Many horror fans have lived in a house with a creepy basement – one where you flick the lights off and charge upstairs to escape whatever lurks in the dark. Maybe you even watch horror movies in such a basement. 

Buyer beware 

“The Cellar” (Shudder) makes a whole movie out of the concept, and after a slow start it turns into a good one. The setup is standard enough that I could copy and paste from my description of other films, such as “Brahms: The Boy 2.” 
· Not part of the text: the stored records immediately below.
(* Let $c\in(0,1)$ and let $\sigma>0$ satisfy $C_{\mathrm{BS}}(\sigma)=c$. Let $$U_{23}(c)=H\!\left(\min\left(\frac{1+c}{2},\; c+e^k\,\Phi(-\sqrt{2k})\right)\right)\quad\text{and}\quad L_{U23}(c)=d_1^{-1}\!\left(\Phi^{-1}\!\left(\frac{c}{C_{\mathcal D}(U_{23}(c))}\right)\right).$$ Then $L_{U23}(c)\le\sigma$.
   Context: Fix $k\ge 0$. Let $\Phi$ and $\phi$ denote the standard normal distribution function and density. For $\sigma>0$ put $d_1(\sigma)=-k/\sigma+\sigma/2$, $d_2(\sigma)=-k/\sigma-\sigma/2$, and $C_{\mathrm{BS}}(\sigma)=\Phi(d_1(\sigma))-e^k\,\Phi(d_2(\sigma))$, a strictly increasing bijection from $(0,\infty)$ onto $(0,1)$; for $c\in(0,1)$ the implied volatility is the unique $\sigma>0$ with $C_{\mathrm{BS}}(\sigma)=c$. For $c<\mathcal D<1$ define $H(\mathcal D)=\Phi^{-1}(\mathcal D)-\Phi^{-1}\!\left(\frac{\mathcal D-c}{e^k}\right)$. The price-to-delta ratio is $C_{\mathcal D}(y)=C_{\mathrm{BS}}(y)/\Phi(d_1(y))$. The function $d_1^{-1}(x)=x+\sqrt{x^2+2k}$ (which equals $2\max(x,0)$ when $k=0$) is the inverse of $d_1$. *)

From Stdlib Require Import Reals ClassicalEpsilon.
From Coquelicot Require Import Coquelicot.
Open Scope R_scope.

Definition phi (x : R) : R := exp (- x ^ 2 / 2) / sqrt (2 * PI).

(* standard normal distribution function:
   Phi x = int_{-oo}^x phi = 1/2 + int_0^x phi (phi is even, total mass 1) *)
Definition Phi (x : R) : R := / 2 + RInt phi 0 x.

(* inverse of Phi: for p in (0,1) the unique x with Phi x = p
   (Phi is a strictly increasing bijection R -> (0,1)). *)
Definition Phi_inv (p : R) : R :=
  epsilon (inhabits 0) (fun x => Phi x = p).

Definition d1 (k sigma : R) : R := - k / sigma + sigma / 2.
Definition d2 (k sigma : R) : R := - k / sigma - sigma / 2.

Definition C_BS (k sigma : R) : R :=
  Phi (d1 k sigma) - exp k * Phi (d2 k sigma).

Definition H (k c D : R) : R := Phi_inv D - Phi_inv ((D - c) / exp k).

Definition C_D (k y : R) : R := C_BS k y / Phi (d1 k y).

(* inverse of d1 *)
Definition d1_inv (k x : R) : R := x + sqrt (x ^ 2 + 2 * k).

Definition U23 (k c : R) : R :=
  H k c (Rmin ((1 + c) / 2) (c + exp k * Phi (- sqrt (2 * k)))).

Definition L_U23 (k c : R) : R :=
  d1_inv k (Phi_inv (c / C_D k (U23 k c))).

(* The proof combines an upper and a lower bound on sigma.
   - Upper bound (implied_vol_le_H): the normalised call price C_BS k s is
     the maximum over y of Phi (y + s) - e^k Phi y (C_BS_max).  Hence any
     decomposition c = Phi x - e^k Phi y forces sigma <= x - y, and for
     c < D < 1 the choice Phi x = D, e^k Phi y = D - c gives sigma <= H(D).
   - Lower bound (implied_vol_ge_d1_inv): the price-to-delta ratio C_D is
     nondecreasing (C_D_mono), which rests on the monotonicity of
     Phi (- sqrt (x^2 + 2k)) / Phi x, itself a consequence of the Mills-ratio
     inequality u phi(u) <= (1 + u^2)(1 - Phi u).  So sigma <= U implies
     c / C_D U <= Phi (d1 sigma), and inverting Phi and d1 bounds sigma below.
   The corollary applies both with D = min((1+c)/2, c + e^k Phi(-sqrt(2k))). *)
From Pilot Require Import Defs.
From Stdlib Require Import Reals Psatz ClassicalEpsilon.
From Coquelicot Require Import Coquelicot.
From mathcomp Require all_boot all_order all_algebra.
From mathcomp Require all_classical all_reals all_analysis Rstruct Rstruct_topology.
(* Re-import so that d1 and d2 denote the Black-Scholes quantities rather than
   the homonymous Stdlib functions. *)
Import Defs.
Open Scope R_scope.

Definition gauss (t : R) : R := exp (- t ^ 2).

Lemma gauss_cont (t : R) : continuous gauss t.
Proof. apply (ex_derive_continuous gauss). unfold gauss. auto_derive. easy. Qed.

Lemma gauss_exRInt (a b : R) : ex_RInt gauss a b.
Proof. apply (ex_RInt_continuous gauss). intros; apply gauss_cont. Qed.

Lemma RInt_gauss_derive (y : R) :
  derivable_pt_lim (fun z => RInt gauss 0 z) y (gauss y).
Proof.
apply is_derive_Reals, (is_derive_RInt gauss (fun z => RInt gauss 0 z) 0).
- apply filter_forall. intros b. apply (RInt_correct gauss), gauss_exRInt.
- apply gauss_cont.
Qed.

(* Transfer of the value of the Gaussian integral from MathComp-Analysis,
   where it is computed with Lebesgue integration, to Coquelicot's Riemann
   integral over Stdlib's reals (which MathComp-Analysis knows as a realType).
   This requires identifying Stdlib's cos and PI with their MathComp
   counterparts, and Stdlib derivatives with MathComp ones. *)
Module GaussIntegral.
Import all_boot all_order all_algebra all_classical all_reals all_analysis.
Import Rstruct Rstruct_topology.
Import Order.TTheory GRing.Theory Num.Theory numFieldNormedType.Exports.
Local Open Scope classical_set_scope.
Local Open Scope ring_scope.

(* Both cosines are sums of the same power series. *)
Lemma RcosE (x : R) : Rtrigo_def.cos x = cos x.
Proof.
rewrite [Rtrigo_def.cos x]/Rtrigo_def.cos; case: exist_cos => y.
rewrite /cos_in /Pser /infinite_sum /= => cos_ub.
have cvg_y : series (cos_coeff' x) @ \oo --> y.
{ apply/cvgrPdist_lt => /= e /RltP /cos_ub[N Nub].
  near=> n.
  have nN : (n.-1 >= N)%coq_nat.
    apply/ssrnat.leP; near: n; exists N.+1 => //= m /= Hm.
    by rewrite -ltnS prednK // (leq_ltn_trans _ Hm).
  move: Nub => /(_ _ nN) /[!RdistE] /RltP /=.
  rewrite distrC sum_f_R0E.
  have n0 : (0 < n)%N by near: n; exists 1%N.
  rewrite prednK //.
  congr (`| _ - _ | < e).
  apply: eq_bigr=> k _.
  rewrite /cos_coeff' /cos_n RdivE RpowE INRE factE /Rsqr RmultE.
  change (Rmult x x) with (x ^+ 2); rewrite RpowE -exprM.
  have -> : (2 * k)%coq_nat = k.*2 by rewrite -mul2n.
  have -> : ((-1)%coqR : R) = -1 by [].
  by rewrite mulrAC -mul2n.
  Unshelve. all: by end_near. }
by rewrite -(cvg_lim _ cvg_y) // (cvg_lim _ (@cvg_cos_coeff' R x)).
Qed.

(* PI and pi are both characterised as twice the zero of cos in [0, 2]. *)
Lemma RpiE : PI = pi.
Proof.
have PI2_02 : (0 <= PI / 2 <= 2)%R.
  have [h0 h2] : (0 <= PI / 2 /\ PI / 2 <= 2)%coqR.
    by have := PI2_3_2; have := PI_4; lra.
  by apply/andP; split; apply/RleP.
have cos_PI2 : cos (PI / 2) = 0 by rewrite -RcosE cos_PI2.
have := cos_02_uniq PI2_02 cos_PI2 (pihalf_02_cos_pihalf _).1
  (pihalf_02_cos_pihalf _).2.
by move=> /(f_equal (fun t => t * 2)) /=; rewrite !divfK.
Qed.

Lemma derivable_pt_lim_derive1 (f : R -> R) x l : derivable_pt_lim f x l ->
  derivable (f : R^o -> R^o) x 1 /\ derive1 (f : R^o -> R^o) x = l.
Proof.
move=> df.
have cvg_l : (fun h : R => h^-1 * (f (h + x) - f x)) @ (0:R)^' --> l.
  apply/(@cvgrPdist_lt _ R^o) => e /RltP e0.
  have [[d d0] Hd] := df e e0.
  near=> h.
  have /eqP hn : h != 0 by near: h; exact: nbhs_dnbhs_neq.
  have hd : `|h| < d by near: h; apply: (@dnbhs0_lt _ R^o); exact/RltP.
  have := Hd h hn (elimT RltP hd).
  rewrite distrC /= RabsE => /RltP; congr (`| _ | < _).
  by rewrite [h + x]addrC mulrC.
split.
  apply/cvg_ex; exists l => /=.
  by apply: cvg_trans cvg_l; apply: near_eq_cvg; near=> h; rewrite [h%:A]mulr1.
by rewrite /derive1; apply: cvg_lim.
Unshelve. all: by end_near.
Qed.

(* Coquelicot's integral of gauss over [0, x] is MathComp-Analysis's one,
   by the fundamental theorem of calculus on both sides. *)
Lemma RInt_gauss_integral0 (x : R) : 0 < x ->
  RInt gauss 0 x = gauss_integral_proof.integral0_gauss x.
Proof.
move=> x0.
pose F y := RInt gauss 0 y.
have dF y : derivable (F : R^o -> R^o) y 1 /\
            derive1 (F : R^o -> R^o) y = gauss_fun y.
  have -> : gauss_fun y = gauss y by rewrite /gauss RexpE RpowE RoppE.
  exact/derivable_pt_lim_derive1/RInt_gauss_derive.
have cF y : {for y, continuous (F : R^o -> R^o)}.
  by apply: differentiable_continuous; apply/derivable1_diffP; exact: (dF y).1.
have gauss_fun_cont : {within `[0, x], continuous gauss_fun}.
  by apply: continuous_subspaceT; exact: continuous_gauss_fun.
have F_reg : derivable_oo_LRcontinuous (F : R^o -> R^o) 0 x.
  split; first by move=> y _; exact: (dF y).1.
  - exact: cvg_at_right_filter (cF 0).
  - exact: cvg_at_left_filter (cF x).
rewrite /gauss_integral_proof.integral0_gauss /Rintegral.
rewrite (continuous_FTC2 x0 gauss_fun_cont F_reg); last by move=> y _; exact: (dF y).2.
by rewrite /F /= RInt_point /= subr0.
Qed.
(* Let $R$ be a binary relation on $U$. Then $\wp(U)^{\vartriangle}$ is spatial and completely distributive if and only if for every $x\in U$, $R(x)$ is a union of sets $R(y)$ ($y\in U$) each of which is completely join-prime in $\wp(U)^{\vartriangle}$.
   Context: Let $U$ be a set and $R\subseteq U\times U$ a binary relation. For $x\in U$, $R(x)=\{y\in U\mid (x,y)\in R\}$ and $\breve R(x)=\{y\in U\mid (y,x)\in R\}$. For $X\subseteq U$, $X^{\vartriangle}=\{x\in U\mid \breve R(x)\cap X\neq\emptyset\}$ (so $\{x\}^{\vartriangle}=R(x)$), and $\wp(U)^{\vartriangle}=\{X^{\vartriangle}\mid X\subseteq U\}$, a complete lattice under $\subseteq$ in which joins are unions. An element $p$ of a complete lattice $L$ is completely join-prime if $p\le\bigvee Y$ implies $p\le y$ for some $y\in Y$; it is completely join-irreducible if $p=\bigvee Y$ implies $p\in Y$. $L$ is spatial if each element is the join of the completely join-irreducible elements below it, and completely distributive if $\bigwedge_{i\in I}\bigvee_{j\in J}x_{i,j}=\bigvee_{f\colon I\to J}\bigwedge_{i\in I}x_{i,f(i)}$ for all doubly indexed families. *)

From mathcomp Require Import all_boot.
From mathcomp Require Export boolp classical_sets.
Set Implicit Arguments. Unset Strict Implicit. Unset Printing Implicit Defensive.
Local Open Scope classical_set_scope.

Section Defs.
Variable U : Type.

Definition Rimg (R : U -> U -> Prop) (x : U) : set U := [set y | R x y].

(* X^△ = { x | R̆(x) ∩ X ≠ ∅ } where R̆(x) = { y | (y,x) ∈ R } *)
Definition tri (R : U -> U -> Prop) (X : set U) : set U :=
  [set x | exists y, X y /\ R y x].

Definition Ltri (R : U -> U -> Prop) : set (set U) := range (tri R).

Definition is_lub (L : set (set U)) (Y : set (set U)) (z : set U) : Prop :=
  L z /\ (forall y, Y y -> y `<=` z) /\
  (forall w, L w -> (forall y, Y y -> y `<=` w) -> z `<=` w).

Definition is_glb (L : set (set U)) (Y : set (set U)) (z : set U) : Prop :=
  L z /\ (forall y, Y y -> z `<=` y) /\
  (forall w, L w -> (forall y, Y y -> w `<=` y) -> w `<=` z).

Definition complete_lattice (L : set (set U)) : Prop :=
  forall Y, Y `<=` L -> (exists z, is_lub L Y z) /\ (exists z, is_glb L Y z).

Definition comp_join_prime (L : set (set U)) (p : set U) : Prop :=
  L p /\ forall Y z, Y `<=` L -> is_lub L Y z -> p `<=` z ->
    exists2 y, Y y & p `<=` y.

Definition comp_join_irred (L : set (set U)) (p : set U) : Prop :=
  L p /\ forall Y, Y `<=` L -> is_lub L Y p -> Y p.

Definition spatial (L : set (set U)) : Prop :=
  forall x, L x -> is_lub L [set p | comp_join_irred L p /\ p `<=` x] x.

(* ⋀_i ⋁_j x i j = ⋁_{f : I -> J} ⋀_i x i (f i), stated relationally
   (joins/meets taken in L). *)
Definition comp_distributive (L : set (set U)) : Prop :=
  forall (I J : Type) (x : I -> J -> set U), (forall i j, L (x i j)) ->
  forall (s : I -> set U) (t : (I -> J) -> set U) (a b : set U),
    (forall i, is_lub L (range (x i)) (s i)) ->
    is_glb L (range s) a ->
    (forall f, is_glb L (range (fun i => x i (f i))) (t f)) ->
    is_lub L (range t) b ->
    a = b.

End Defs.

From mathcomp Require Import all_boot boolp classical_sets.
Set Implicit Arguments. Unset Strict Implicit. Unset Printing Implicit Defensive.
Local Open Scope classical_set_scope.

(* The elements of ℘(U)^△ are exactly the unions of sets R(y); joins are unions
   and the meet of a family is the largest union of sets R(y) inside its
   intersection.  If every R(x) is a union of completely join-prime R(y), then
   every element is a union of completely join-primes, which gives spatiality
   and, choosing for each index i a j with R(y) ≤ x i j, complete
   distributivity.  Conversely a completely join-irreducible element is the
   union of the R(y) below it, hence equal to one of them; spatiality writes
   R(x) as a union of these, and complete distributivity makes them
   completely join-prime, since p ≤ ⋁Y gives p = p ∧ ⋁Y = ⋁ (p ∧ y). *)

Section LatticeOfSets.
Variables (U : Type) (L : set (set U)).

Lemma is_lub_unique Y z z' : is_lub L Y z -> is_lub L Y z' -> z = z'.
Proof.
move=> [Lz [ubz leastz]] [Lz' [ubz' leastz']].
by apply/seteqP; split; [exact: leastz | exact: leastz'].
Qed.

Lemma comp_join_prime_irred p : comp_join_prime L p -> comp_join_irred L p.
Proof.
move=> [Lp prime]; split => // Y YL lubp.
have [y Yy py] := prime Y p YL lubp (@subset_refl _ p).
suff -> : p = y by [].
by apply/seteqP; split => //; case: lubp => _ [ub _]; exact: ub.
Qed.

Definition prime_covered :=
  forall z, L z -> forall u, z u -> exists p, [/\ comp_join_prime L p, p `<=` z & p u].

Lemma spatial_prime_covered : prime_covered -> spatial L.
Proof.
move=> cover z Lz; split => //; split; first by move=> p [].
move=> w _ ub u zu; have [p [cjp pz pu]] := cover z Lz u zu.
by apply: (ub p) => //; split => //; exact: comp_join_prime_irred.
Qed.

Section MeetOfJoins.
Variables (I J : Type) (x : I -> J -> set U) (s : I -> set U).
Variables (t : (I -> J) -> set U) (a b : set U).
Hypotheses (xL : forall i j, L (x i j)).
Hypotheses (lub_s : forall i, is_lub L (range (x i)) (s i)).
Hypotheses (glb_a : is_glb L (range s) a).
Hypotheses (glb_t : forall f, is_glb L (range (fun i => x i (f i))) (t f)).
Hypotheses (lub_b : is_lub L (range t) b).

Lemma join_of_meets_sub_meet_of_joins : b `<=` a.
Proof.
case: lub_b => _ [_ leastb]; apply: leastb; first by case: glb_a.
move=> _ [f _ <-]; case: glb_a => _ [_ greatesta].
apply: greatesta; first by case: (glb_t f).
move=> _ [i _ <-] u tfu.
case: (lub_s i) => _ [ub _]; apply: (ub (x i (f i))); first by exists (f i).
by case: (glb_t f) => _ [lb _]; apply: (lb (x i (f i))) => //; exists i.
Qed.

Lemma comp_join_prime_sub_join_of_meets p :
  comp_join_prime L p -> p `<=` a -> p `<=` b.
Proof.
move=> [Lp prime] pa.
have /choice[f pf] : forall i, exists j, p `<=` x i j.
  move=> i.
  have a_si : a `<=` s i by case: glb_a => _ [lb _]; apply: lb; exists i.
  have xiL : range (x i) `<=` L by move=> _ [j _ <-].
  have [_ [j _ <-] pxij] := prime _ _ xiL (lub_s i) (subset_trans pa a_si).
  by exists j.
have ptf : p `<=` t f.
  by case: (glb_t f) => _ [_ greatest]; apply: greatest => // _ [i _ <-].
by case: lub_b => _ [ub _]; apply: subset_trans ptf _; apply: ub; exists f.
Qed.

End MeetOfJoins.

Lemma comp_distributive_prime_covered : prime_covered -> comp_distributive L.
Proof.
move=> cover I J x xL s t a b lub_s glb_a glb_t lub_b.
apply/seteqP; split; last exact: join_of_meets_sub_meet_of_joins lub_s glb_a glb_t lub_b.
move=> u au; have [p [cjp pa pu]] := cover a (proj1 glb_a) u au.
exact: (comp_join_prime_sub_join_of_meets xL lub_s glb_a glb_t lub_b cjp pa pu).
Qed.

End LatticeOfSets.

Section TriLattice.
Variables (U : Type) (R : U -> U -> Prop).
Local Notation L := (Ltri R).

Definition tri_interior (z : set U) : set U := tri R [set y | Rimg R y `<=` z].

Lemma Ltri_interior z : L (tri_interior z).
Proof. by exists [set y | Rimg R y `<=` z]. Qed.

Lemma tri_interior_sub z : tri_interior z `<=` z.
Proof. by move=> u [y [yz Ryu]]; exact: yz. Qed.

Lemma tri_interior_max w z : L w -> w `<=` z -> w `<=` tri_interior z.
Proof.
move=> [X _ <-] wz u [y [Xy Ryu]]; exists y; split => // v Ryv.
by apply: wz; exists y.
Qed.

Lemma tri_interior_id z : L z -> tri_interior z = z.
Proof.
move=> Lz; apply/seteqP; split; first exact: tri_interior_sub.
exact: tri_interior_max.
Qed.

Lemma Ltri_cover z u : L z -> z u -> exists y, Rimg R y `<=` z /\ R y u.
Proof. by move=> Lz; rewrite -{1}(tri_interior_id Lz) => -[y]; exists y. Qed.

Lemma Rimg_Ltri y : L (Rimg R y).
Proof.
exists [set y] => //; apply/seteqP; split => u; first by case=> _ [-> Ryu].
by move=> Ryu; exists y.
Qed.

Lemma Ltri_bigcup Y : Y `<=` L -> L (\bigcup_(z in Y) z).
Proof.
move=> YL; suff <- : tri_interior (\bigcup_(z in Y) z) = \bigcup_(z in Y) z.
  exact: Ltri_interior.
apply/seteqP; split; first exact: tri_interior_sub.
move=> u [z Yz zu]; apply: tri_interior_max (YL z Yz) _ u zu.
by move=> v zv; exists z.
Qed.

Lemma is_lub_bigcup Y : Y `<=` L -> is_lub L Y (\bigcup_(z in Y) z).
Proof.
move=> YL; split; first exact: Ltri_bigcup.
split; first by move=> y Yy u yu; exists y.
by move=> w _ ub u [z Yz zu]; exact: ub z Yz u zu.
Qed.

Lemma is_lubE Y z : Y `<=` L -> is_lub L Y z -> z = \bigcup_(w in Y) w.
Proof. by move=> YL /is_lub_unique; apply; exact: is_lub_bigcup. Qed.

Lemma is_glb_tri_interior F : is_glb L F (tri_interior (\bigcap_(z in F) z)).
Proof.
split; first exact: Ltri_interior.
split; first by move=> z Fz u /tri_interior_sub; apply.
by move=> w Lw lb; apply: tri_interior_max => // u wu z Fz; exact: lb.
Qed.

Lemma comp_join_irred_Rimg p : comp_join_irred L p -> exists y, p = Rimg R y.
Proof.
move=> [Lp irr].
pose Y := Rimg R @` [set y | Rimg R y `<=` p].
have YL : Y `<=` L by move=> _ [y _ <-]; exact: Rimg_Ltri.
have pE : p = \bigcup_(w in Y) w.
  apply/seteqP; split; last by move=> u [_ [y yp <-] Ryu]; exact: yp.
  by move=> u pu; have [y [yp Ryu]] := Ltri_cover Lp pu; exists (Rimg R y) => //; exists y.
have [y _ yp] : Y p by apply: irr => //; rewrite [X in is_lub _ _ X]pE; exact: is_lub_bigcup.
by exists y.
Qed.

Lemma comp_distributive_meet_bigcup p Y : comp_distributive L -> L p -> Y `<=` L ->
  tri_interior (p `&` \bigcup_(y in Y) y) = \bigcup_(y in Y) tri_interior (p `&` y).
Proof.
move=> CD Lp YL.
(* Complete distributivity for the two rows p, p, ... and (y)_(y in Y). *)
pose x (i : bool) (j : {y : set U | Y y}) := if i then p else proj1_sig j.
have xL i j : L (x i j) by case: i => //=; exact: YL (proj2_sig j).
have xiL i : range (x i) `<=` L by move=> _ [j _ <-].
pose s i := \bigcup_(w in range (x i)) w.
pose t f := tri_interior (\bigcap_(w in range (fun i => x i (f i))) w).
have tL : range t `<=` L by move=> _ [f _ <-]; exact: Ltri_interior.
have CDxst : tri_interior (\bigcap_(w in range s) w) = \bigcup_(w in range t) w.
  exact: (CD _ _ x xL s t _ _ (fun i => is_lub_bigcup (xiL i))
    (is_glb_tri_interior _) (fun f => is_glb_tri_interior _) (is_lub_bigcup tL)).
have capS : \bigcap_(w in range s) w = p `&` \bigcup_(y in Y) y.
  apply/seteqP; split => [u su | u [pu [y Yy yu]] _ [[] _ <-]].
  - have [_ [j _ <-] pu] := su (s true) (ex_intro2 _ _ true I erefl).
    have [_ [j' _ <-] yu] := su (s false) (ex_intro2 _ _ false I erefl).
    by split => //; exists (proj1_sig j') => //; exact: proj2_sig j'.
  - by exists p => //; exists (exist _ y Yy).
  - by exists y => //; exists (exist _ y Yy).
have tE f : t f = tri_interior (p `&` proj1_sig (f false)).
  congr tri_interior; apply/seteqP; split => [u xu | u [pu yu] _ [[] _ <-] //].
  by split; [apply: (xu p); exists true | apply: xu; exists false].
rewrite -capS CDxst; apply/seteqP; split => [u [_ [f _ <-]] | u [y Yy]].
- by rewrite tE => tu; exists (proj1_sig (f false)) => //; exact: proj2_sig (f false).
- move=> tu; exists (t (fun=> exist _ y Yy)); first by exists (fun=> exist _ y Yy).
  by rewrite tE.
Qed.

Lemma comp_join_irred_prime p :
  comp_distributive L -> comp_join_irred L p -> comp_join_prime L p.
Proof.
move=> CD [Lp irr]; split => // Y z YL lubz pz.
rewrite (is_lubE YL lubz) in pz.
pose Y' := (fun y => tri_interior (p `&` y)) @` Y.
have Y'L : Y' `<=` L by move=> _ [y _ <-]; exact: Ltri_interior.
have pE : p = \bigcup_(w in Y') w.
  by rewrite bigcup_image -comp_distributive_meet_bigcup // setIidl // tri_interior_id.
have [y Yy yp] : Y' p by apply: irr => //; rewrite [X in is_lub _ _ X]pE; exact: is_lub_bigcup.
by exists y => //; rewrite -yp => v /tri_interior_sub[].
Qed.

Lemma Ltri_prime_covered :
  (forall x, exists S, Rimg R x = \bigcup_(y in S) Rimg R y /\
     (forall y, S y -> comp_join_prime L (Rimg R y))) ->
  prime_covered L.
Proof.
move=> basis z Lz u zu.
have [x [xz Rxu]] := Ltri_cover Lz zu.
have [S [xE cjpS]] := basis x.
have : Rimg R x u := Rxu; rewrite xE => -[y Sy Ryu].
exists (Rimg R y); split => //; first exact: cjpS.
by apply: subset_trans xz; rewrite xE => v Ryv; exists y.
Qed.

End TriLattice.

Theorem mainTheorem17 (U : Type) (R : U -> U -> Prop) :
  (spatial (Ltri R) /\ comp_distributive (Ltri R)) <->
  (forall x : U, exists S : set U,
      Rimg R x = \bigcup_(y in S) Rimg R y /\
      (forall y, S y -> comp_join_prime (Ltri R) (Rimg R y))).
Proof.
split; last first.
  move=> /Ltri_prime_covered cover.
  by split; [exact: spatial_prime_covered | exact: comp_distributive_prime_covered].
move=> [spat CD] x.
exists [set y | comp_join_prime (Ltri R) (Rimg R y) /\ Rimg R y `<=` Rimg R x].
split; last by move=> y [].
apply/seteqP; split => [u Rxu | u [y [_ yx] Ryu]]; last exact: yx.
have cjiL : [set p | comp_join_irred (Ltri R) p /\ p `<=` Rimg R x] `<=` Ltri R.
  by move=> p [[]].
rewrite (is_lubE cjiL (spat _ (Rimg_Ltri R x))) in Rxu.
case: Rxu => p [cjip px] pu.
have [y py] := comp_join_irred_Rimg cjip; subst p.
by exists y => //; split => //; exact: comp_join_irred_prime.
Qed.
A blended Irish and American family moves into a mansion in Ireland (where the film is shot). The Woods family got it in a steal at an auction and didn’t bother to research its history. We mull that age-old horror-film conundrum: Would you jump at a great real-estate deal if the only catch is that the place is haunted? 


“The Cellar” (2022) 

Director: Brendan Muldowney 

Writer: Brendan Muldowney 

Stars: Elisha Cuthbert, Eoin Macken, Abby Fitz 


I’d ask “How haunted?” Initially for the Woodses (Elisha Cuthbert’s Keira, Eoin Macken’s Brian, Abby Fitz’s teenage Ellie and Dylan Fitzmaurice Brady’s young Steven), it’s merely a tad creepy. 

Perhaps they’d have been perfectly safe without a particularly bad piece of parenting. With the folks away at the office (they pitch advertising campaigns), the mansion’s power goes out. Ellie is literally crying, she’s so scared of checking the circuit box. But Keira talks her through the staircase’s 10 steps on the phone. After the 10th step, Ellie keeps counting – and disappears. 

Into the Woodses 

Writer-director Brendan Muldowney, expanding his own 10-minute short “The Ten Steps” (2004), stumbles over “The Cellar’s” middle portion. Multiple times, a family member gets locked behind the cellar door. In one case, Dylan can’t reach the key, so he has to get a chair. Then he can’t work the lock, but Brian comes along to free the scared Keira. I mean, the place is huge, so I suppose it’s possible he didn’t hear the commotion right away. 

This stuff feels like narrative padding for the 94-minute film, although some sort of family dynamic does develop, if only because we see them together. Brian is hilariously in Scully mode as Keira pursues supernatural theories about their daughter’s disappearance; it’s to the point that I wondered if Brian was in on it.  

Brady contributes that horror-kid vibe wherein Steven is scared, but he’s also scary to the viewer when he’s mesmerized by whatever haunts the house. 

Cuthbert doesn’t get to show much range, but there’s enough audience goodwill that viewers will follow Keira’s journey. Folks hated Kim Bauer on “24,” but Cuthbert bounced back with “Happy Endings” and “The Ranch.” And even if Keira is a bad mother, she means well.  

Math can be fun … and scary 

Around the third act, “The Cellar” gets good. Setting it apart in the creepy-basement subgenre is some creepy math. The previous owner had peppered symbols and an equation throughout the house. Keira visits the requisite math geek at the local college and learns that the equation represents another dimension. I like the math prof’s allusion to Schrodinger’s Cat: Ellie is neither alive nor dead until they find her. 

“The Cellar” isn’t the first story to blend mathematical dimensions with gateways to hell; I recall the “Angel” episode “Supersymmetry,” for example. But it does so in nicely spooky fashion. Possessed people chant the numbers, calling to mind victims in the “Blair Witch” films dutifully standing in basement corners, obeying an unseen witch. 

Helped by a fine score by Stephen McKeon, Muldowney masters the “It’s what you don’t see that’s scary” brand of horror for a while. And the “what you sort of see” brand. In an outstanding shot, Steven stands at the bottom of the cellar stairs and we see what appears to be the outline of a demon in the background. It slowly comes into focus, and Steven gradually spots it out of the corner of his eye. 

Muldowney proves a spooky basement can be more than a 10-minute concept, first with the mysterious mathematics and then with a very good finale that absorbs most of the CGI effects budget – to fine effect.

Similar to the slow build of Muldowney’s career (an 18-year wait from short to full-length film), “The Cellar” takes a long time go somewhere. But once it does, it’s worth the journey, and I suspect we’ll see more strong work from Muldowney.